◆ REQUIREMENT:
After locating the line with "by rewrite gerBl.", retype it and every later line exactly, stopping at the end of the records.

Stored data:
%%

Lemma interp_dist rho sigma c : (forall t, `|rho t - sigma t| <= c) ->
  forall x, `|interp rho x - interp sigma x| <= N%:R * (L * (2 * c)).
Proof.
move=> rho_sigma x; rewrite /interp opprD addrACA subrr add0r -sumrB.
apply: le_trans (ler_norm_sum _ _ _) _.
rewrite [leRHS]mulr_natl -[in leRHS](card_ord N) -sumr_const; apply: ler_sum => i _.
rewrite -mulrBr normrM ler_pM ?norm_slope_le //.
set a := x - knot i; set b := x - knot i.+1.
have -> : rho a - rho b - (sigma a - sigma b) = (rho a - sigma a) - (rho b - sigma b).
  by ring.
by rewrite mulrDl mul1r (le_trans (ler_normB _ _)) ?lerD.
Qed.

Let relu_term x i := slope i * (relu (x - knot i) - relu (x - knot i.+1)).

Lemma relu_interp_partial j x : knot j <= x ->
  \sum_(0 <= i < j) relu_term x i = f (knot j) - f x0.
Proof.
move=> jx; rewrite -[in RHS]knot0.
apply: (telescope_sumr_eq (fun i => f (knot i))) => // i /andP[_ ij].
have iSx : knot i.+1 <= x by apply: le_trans jx; exact: knot_le.
rewrite /relu_term !ger0_relu ?subr_ge0 //; last by apply: le_trans iSx; exact: knot_le.
have -> : x - knot i - (x - knot i.+1) = δ by rewrite knotS; ring.
by rewrite /slope mulfVK ?lt0r_neq0.
Qed.

Lemma relu_interp_left x : x <= x0 -> interp relu x = f x0.
Proof.
move=> xx0; rewrite /interp big1 ?addr0 // => i _.
rewrite !ler0_relu ?subrr ?mulr0 // subr_le0 (le_trans xx0) // -{1}knot0;
  exact: knot_le.
Qed.

Lemma relu_interp_right x : knot N <= x -> interp relu x = f (knot N).
Proof.
move=> Nx; rewrite /interp -(big_mkord xpredT (relu_term x)) relu_interp_partial //.
by rewrite addrC subrK.
Qed.

Lemma relu_interp_segment j x : (j < N)%N -> knot j <= x <= knot j.+1 ->
  interp relu x = f (knot j) + slope j * (x - knot j).
Proof.
move=> jN /andP[jx xjS]; rewrite /interp -(big_mkord xpredT (relu_term x)).
rewrite (big_cat_nat _ (n := j)) //= ?(ltnW jN) // relu_interp_partial //.
rewrite big_ltn // big_nat_cond big1 => [|i /andP[/andP[ji _] _]].
  rewrite /relu_term (ger0_relu (t := x - _)) ?subr_ge0 // ler0_relu ?subr_le0 //.
  by rewrite subr0 addr0 addrA [f x0 + _]addrC subrK.
rewrite /relu_term !ler0_relu ?subrr ?mulr0 // subr_le0 (le_trans xjS) // knot_le //.
exact: ltnW.
Qed.

Lemma knot_segment x : x0 <= x < knot N ->
  exists2 j, (j < N)%N & knot j <= x <= knot j.+1.
Proof.
move=> /andP[x0x xN]; have t0 : 0 <= (x - x0) / δ by rewrite divr_ge0 ?subr_ge0 // ltW.
have /andP[jx xjS] := truncn_itv t0; exists (Num.truncn ((x - x0) / δ)).
  rewrite -(ltr_nat R); apply: le_lt_trans jx _.
  by rewrite ltr_pdivrMr // ltrBlDl.
by rewrite /knot -lerBrDl -ler_pdivlMr // jx -lerBlDl -ler_pdivrMr // ltW.
Qed.

Lemma relu_interp_dist_in x : x0 <= x <= knot N -> `|interp relu x - f x| <= L * δ.
Proof.
case/andP=> x0x; rewrite le_eqVlt => /orP[/eqP-> | xN].
  by rewrite relu_interp_right // subrr normr0 mulr_ge0 // ltW.
have [j jN jx] : exists2 j, (j < N)%N & knot j <= x <= knot j.+1.
  by apply: knot_segment; rewrite x0x.
rewrite (relu_interp_segment jN jx) /slope.
have <- : knot j.+1 - knot j = δ by rewrite knotS addrAC subrr add0r.
by apply: lerp_dist; rewrite // knotS ltrDl.
Qed.

Lemma relu_interp_dist_out x : x0 <= 0 -> 0 <= knot N ->
  (x <= x0) || (knot N <= x) -> `|interp relu x - f x| <= L * `|x|.
Proof.
move=> x00 N0 /orP[xx0 | Nx].
  rewrite relu_interp_left //; apply: le_trans (f_lip _ _) _.
  rewrite ler_wpM2l // ger0_norm ?subr_ge0 // ler0_norm ?(le_trans xx0) //.
  by rewrite lerBlDr addrC subrr.
rewrite relu_interp_right //; apply: le_trans (f_lip _ _) _.
rewrite ler_wpM2l // distrC ger0_norm ?subr_ge0 // ger0_norm ?(le_trans N0) //.
by rewrite gerBl.
Qed.
End Interpolation.

Section Network.
Variables (R : realType) (f : R -> R) (x0 δ : R) (N : nat).

Definition slope_jump (j : nat) : R :=
  (if (j < N)%N then slope f x0 δ j else 0) - (if j is i.+1 then slope f x0 δ i else 0).

Lemma interp_knot_sum (rho : R -> R) x :
  interp f x0 δ N rho x = f x0 + \sum_(j < N.+1) slope_jump j * rho (x - knot x0 δ j).
Proof.
congr (_ + _); rewrite /slope_jump.
under [RHS]eq_bigr => j _ do rewrite mulrBl.
rewrite sumrB big_ord_recr big_ord_recl /= ltnn mul0r addr0 mul0r add0r -sumrB.
by apply: eq_bigr => i _; rewrite ltn_ord mulrBr.
Qed.

Definition softplus_net (k : R) : net R 1 1 :=
  Layer (const_mx k : 'M[R]_(N.+1, 1)) (\col_(j < N.+1) - (k * knot x0 δ j))
    (Affine (\row_(j < N.+1) (slope_jump j / k)) (const_mx (f x0))).

Lemma nparams_softplus_net k : nparams (softplus_net k) = (3 * N.+1 + 1)%N.
Proof. by rewrite /=; ring. Qed.

Lemma realization11_softplus_net (a : R -> R) k x : a =1 softplus ->
  realization11 a (softplus_net k) x = interp f x0 δ N (rescale softplus k) x.
Proof.
move=> aE; rewrite interp_knot_sum /realization11 /= !mxE addrC; congr (_ + _).
apply: eq_bigr => j _; rewrite !mxE big_ord1 !mxE aE /rescale.
by rewrite mulrBr mulrA mulrAC.
Qed.
End Network.

Section SymmetricGrid.
Variables (R : realType) (a f : R -> R) (L eps r : R) (N : nat).
Hypotheses (a_softplus : a =1 softplus) (eps_gt0 : 0 < eps) (L_ge0 : 0 <= L)
  (r_gt0 : 0 < r) (N_gt0 : (0 < N)%N)
  (f_lip : forall x y, `|f x - f y| <= L * `|x - y|).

%%

◆ SOLUTION:
by rewrite gerBl.
Qed.
End Interpolation.

Section Network.
Variables (R : realType) (f : R -> R) (x0 δ : R) (N : nat).

Definition slope_jump (j : nat) : R :=
  (if (j < N)%N then slope f x0 δ j else 0) - (if j is i.+1 then slope f x0 δ i else 0).

Lemma interp_knot_sum (rho : R -> R) x :
  interp f x0 δ N rho x = f x0 + \sum_(j < N.+1) slope_jump j * rho (x - knot x0 δ j).
Proof.
congr (_ + _); rewrite /slope_jump.
under [RHS]eq_bigr => j _ do rewrite mulrBl.
rewrite sumrB big_ord_recr big_ord_recl /= ltnn mul0r addr0 mul0r add0r -sumrB.
by apply: eq_bigr => i _; rewrite ltn_ord mulrBr.
Qed.

Definition softplus_net (k : R) : net R 1 1 :=
  Layer (const_mx k : 'M[R]_(N.+1, 1)) (\col_(j < N.+1) - (k * knot x0 δ j))
    (Affine (\row_(j < N.+1) (slope_jump j / k)) (const_mx (f x0))).

Lemma nparams_softplus_net k : nparams (softplus_net k) = (3 * N.+1 + 1)%N.
Proof. by rewrite /=; ring. Qed.

Lemma realization11_softplus_net (a : R -> R) k x : a =1 softplus ->
  realization11 a (softplus_net k) x = interp f x0 δ N (rescale softplus k) x.
Proof.
move=> aE; rewrite interp_knot_sum /realization11 /= !mxE addrC; congr (_ + _).
apply: eq_bigr => j _; rewrite !mxE big_ord1 !mxE aE /rescale.
by rewrite mulrBr mulrA mulrAC.
Qed.
End Network.

Section SymmetricGrid.
Variables (R : realType) (a f : R -> R) (L eps r : R) (N : nat).
Hypotheses (a_softplus : a =1 softplus) (eps_gt0 : 0 < eps) (L_ge0 : 0 <= L)
  (r_gt0 : 0 < r) (N_gt0 : (0 < N)%N)
  (f_lip : forall x y, `|f x - f y| <= L * `|x - y|).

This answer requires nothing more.